Note that the vocabulary used in the parable—particularly, words for ‘wool’, ‘horse’, ‘wagon’, and ‘carrying’— places PIE firmly into the period of the “secondary products revolution”, that is not much earlier than 4000 BCE (or 6,000 years ago), contrary to the Anatolian theory recently advocated by Russell Gray, Quentin Atkinson and their co-authors (Bouckaert et al. 2012).

Although a number of media reports presented Byrd’s recording as the first attempt at reconstructing what PIE sounded like, debates about the nature of the PIE sound system have been raging since the mid-1800s. As Byrd himself notes, his own recent recording is “a very educated approximation” based on the Glottalic theory of PIE, accepted by some but not all Indo-European scholars. He further admits, “since there is a considerable disagreement among scholars about PIE, no one version can be considered definitive”; the only way to know for sure what PIE sounded like, he quips, is to have a time machine.

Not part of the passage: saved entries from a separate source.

(* Let $p,q$ be positive integers, let $e\in\mathbb{R}^p$ be the vector of all ones, and let $$L:=\{(x,u)\in\mathbb{R}^p\times\mathbb{R}^q:x\ge\|u\|e\},\qquad M:=\{(x,u)\in\mathbb{R}^p\times\mathbb{R}^q:\langle x,e\rangle\ge\|u\|,\ x\ge0\}.$$ Let $(z,w)\in\mathbb{R}^p\times\mathbb{R}^q$. Then: 1. If $z^+\ge\|w\|e$, then $P_L(z,w)=(z^+,w)$ and $P_M(-z,-w)=(z^-,0)$. 2. If $\langle z^-,e\rangle\ge\|w\|$, then $P_L(z,w)=(z^+,0)$ and $P_M(-z,-w)=(z^-,-w)$. 3. If $z^+\not\ge\|w\|e$ and $\langle z^-,e\rangle<\|w\|$, then the piecewise linear equation $$\lambda\|w\|=\left\langle e,[(\lambda+1)z-\|w\|e]^-\right\rangle$$ has a unique positive solution $\lambda>0$, and for this $\lambda$, $$P_L(z,w)=\left(\Big[z-\tfrac{1}{\lambda+1}\|w\|e\Big]^++\tfrac{1}{\lambda+1}\|w\|e,\ \tfrac{1}{\lambda+1}w\right),\qquad P_M(-z,-w)=\left(\Big[z-\tfrac{1}{\lambda+1}\|w\|e\Big]^-,\ -\tfrac{\lambda}{\lambda+1}w\right).$$
   Context: For a closed convex set $C$, $P_C(x):=\operatorname{argmin}\{\|x-y\|:y\in C\}$ is the metric (orthogonal) projection onto $C$, with respect to the Euclidean norm on $\mathbb{R}^p\times\mathbb{R}^q\cong\mathbb{R}^{p+q}$ (inner product $\langle(x,u),(y,v)\rangle=\langle x,y\rangle+\langle u,v\rangle$). The order $\ge$ on vectors is componentwise; $z^+\not\ge\|w\|e$ means that $z^+\ge\|w\|e$ fails. For $\alpha\in\mathbb{R}$, $\alpha^+:=\max(\alpha,0)$, $\alpha^-:=\max(-\alpha,0)$, applied componentwise to vectors. $L$ and $M$ are mutually dual proper cones (the extended second order cones). *)

From HB Require Import structures.
From mathcomp Require Import all_boot all_order all_algebra.
From mathcomp Require Import reals.
Set Implicit Arguments. Unset Strict Implicit.
 Unset Printing Implicit Defensive.
Import Order.TTheory GRing.Theory Num.Theory.
Local Open Scope ring_scope.

Section Defs.
Variable R : realType.

Definition vdot n (x y : 'I_n -> R) : R := \sum_(i < n) x i * y i.
Definition vnorm n (x : 'I_n -> R) : R := Num.sqrt (vdot x x).
Definition ones (n : nat) : 'I_n -> R := fun _ => 1.
Arguments ones : clear implicits.
Definition vpos n (x : 'I_n -> R) : 'I_n -> R := fun i => Num.max (x i) 0.
Definition vneg n (x : 'I_n -> R) : 'I_n -> R := fun i => Num.max (- x i) 0.
Definition vge n (x y : 'I_n -> R) : Prop := forall i, y i <= x i.

Definition pnorm p q (x : 'I_p -> R) (u : 'I_q -> R) : R :=
  Num.sqrt (vdot x x + vdot u u).
Definition pdist p q (a b : ('I_p -> R) * ('I_q -> R)) : R :=
  pnorm (fun i => a.1 i - b.1 i) (fun j => a.2 j - b.2 j).

Definition is_proj p q (C : ('I_p -> R) * ('I_q -> R) -> Prop)
  (a y : ('I_p -> R) * ('I_q -> R)) : Prop :=
  C y /\ forall y', C y' -> pdist a y <= pdist a y'.

Definition coneL p q (xu : ('I_p -> R) * ('I_q -> R)) : Prop :=
  vge xu.1 (fun i => vnorm xu.2 * ones p i).
Definition coneM p q (xu : ('I_p -> R) * ('I_q -> R)) : Prop :=
  vnorm xu.2 <= vdot xu.1 (ones p) /\ vge xu.1 (fun _ => 0).
End Defs.
Arguments ones : clear implicits.
(* Let $n\ge 2$ and let $f:(\mathbb{C}^n,0)\to(\mathbb{C},0)$ be a holomorphic function germ with $f(0)=0$ having an isolated critical point at the origin, with Milnor number $\mu$ and Tjurina number $\tau$. If $\mu/\tau>n-1$, then $f^{n-1}\notin J_f$.
   Context: Let $S=\mathbb{C}\{x_1,\dots,x_n\}$ be the ring of convergent power series, $J_f=(\partial f/\partial x_1,\dots,\partial f/\partial x_n)\subset S$ the Jacobian ideal, $\mu=\dim_{\mathbb{C}}S/J_f$ and $\tau=\dim_{\mathbb{C}}S/(J_f,f)$. *)

From Stdlib Require Import Reals List Arith.
Import ListNotations.
Open Scope R_scope.

Record C := mkC { re : R; im : R }.
Definition C0 : C := mkC 0 0.
Definition C1 : C := mkC 1 0.
Definition Cadd (a b : C) : C := mkC (re a + re b) (im a + im b).
Definition Copp (a : C) : C := mkC (- re a) (- im a).
Definition Cmul (a b : C) : C :=
  mkC (re a * re b - im a * im b) (re a * im b + im a * re b).
Definition Cabs (a : C) : R := sqrt (re a * re a + im a * im a).
Definition CofN (k : nat) : C := mkC (INR k) 0.
Definition Csum (l : list C) : C := fold_right Cadd C0 l.

(** A power series in n variables is its coefficient function; only the values
    at multi-indices of length n are meaningful. *)
Definition mindex := list nat.
Definition series := mindex -> C.

Definition mdeg (a : mindex) : nat := fold_right plus 0%nat a.

Fixpoint boxes (a : mindex) : list mindex :=
  match a with
  | [] => [[]]
  | k :: a' => flat_map (fun j => map (cons j) (boxes a')) (seq 0 (S k))
  end.

Fixpoint msub (a b : mindex) : mindex :=
  match a, b with
  | x :: a', y :: b' => (x - y)%nat :: msub a' b'
  | _, _ => a
  end.

Definition is_zero_mi (a : mindex) : bool := forallb (Nat.eqb 0) a.

Fixpoint mincr (i : nat) (a : mindex) : mindex :=
  match a, i with
  | [], _ => []
  | x :: a', O => S x :: a'
  | x :: a', S i' => x :: mincr i' a'
  end.

Definition munit (n i : nat) : mindex := mincr i (repeat 0%nat n).

Definition sadd (f g : series) : series := fun a => Cadd (f a) (g a).
Definition sopp (f : series) : series := fun a => Copp (f a).
Definition sscale (c : C) (f : series) : series := fun a => Cmul c (f a).
Definition smul (f g : series) : series :=
  fun a => Csum (map (fun b => Cmul (f b) (g (msub a b))) (boxes a)).
Definition sone : series := fun a => if is_zero_mi a then C1 else C0.
Definition szero : series := fun _ => C0.
Fixpoint spow (f : series) (k : nat) : series :=
  match k with O => sone | S k' => smul f (spow f k') end.

(** partial derivative d/dx_i (i counted from 0) *)
Definition sderiv (i : nat) (f : series) : series :=
  fun a => Cmul (CofN (S (nth i a 0%nat))) (f (mincr i a)).

Definition seq_eq (n : nat) (f g : series) : Prop :=
  forall a : mindex, length a = n -> f a = g a.

(** convergence: the series converges on some polydisc of radius r > 0,
    i.e. its coefficients satisfy a Cauchy estimate |a_alpha| r^|alpha| <= M *)
Definition convergent (n : nat) (f : series) : Prop :=
  exists M r : R, 0 < r /\
    forall a : mindex, length a = n -> Cabs (f a) * r ^ (mdeg a) <= M.

Definition in_ideal (n : nat) (gens : list series) (g : series) : Prop :=
  exists hs : list series,
    length hs = length gens /\ Forall (convergent n) hs /\
    seq_eq n g (fold_right sadd szero (map (fun p => smul (fst p) (snd p)) (combine hs gens))).

Definition lincomb (cs : list C) (es : list series) : series :=
  fold_right sadd szero (map (fun p => sscale (fst p) (snd p)) (combine cs es)).

Definition quot_dim (n : nat) (gens : list series) (d : nat) : Prop :=
  exists es : list series,
    length es = d /\ Forall (convergent n) es /\
    (forall g, convergent n g ->
       exists cs : list C, length cs = d /\
         in_ideal n gens (sadd g (sopp (lincomb cs es)))) /\
    (forall cs : list C, length cs = d ->
       in_ideal n gens (lincomb cs es) -> Forall (fun c => c = C0) cs).

Definition jacobian_gens (n : nat) (f : series) : list series :=
  map (fun i => sderiv i f) (seq 0 n).
Definition tjurina_gens (n : nat) (f : series) : list series :=
  f :: jacobian_gens n f.

Definition milnor_number (n : nat) (f : series) (mu : nat) : Prop :=
  quot_dim n (jacobian_gens n f) mu.
Definition tjurina_number (n : nat) (f : series) (tau : nat) : Prop :=
  quot_dim n (tjurina_gens n f) tau.

(** origin is a critical point: f(0)=0 handled separately; all first partials vanish at 0 *)
Definition critical_at_origin (n : nat) (f : series) : Prop :=
  forall i : nat, (i < n)%nat -> f (munit n i) = C0.

(** isolated critical point at 0 (for a convergent germ with 0 critical):
    the Milnor algebra S/J_f is finite dimensional *)
Definition isolated_critical_point (n : nat) (f : series) : Prop :=
  critical_at_origin n f /\ exists mu : nat, milnor_number n f mu.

The PIE recording produced for the Archeology magazine is by no means the only attempt to reconstruct the pronunciation of historical dialects or even of long-dead languages. But how can we know how anything was pronounced in periods before sound recording? Unfortunately, there are only three reliable ways to know how a language—any language!—sounds: to listen to a native speaker pronouncing it; to listen to a recording of a native speaker making the same sounds; or to know the position of the tongue and mouth used when speaking the language. Obviously, when it comes to languages of the past, the first two methods cannot be applied and the third is rarely applicable.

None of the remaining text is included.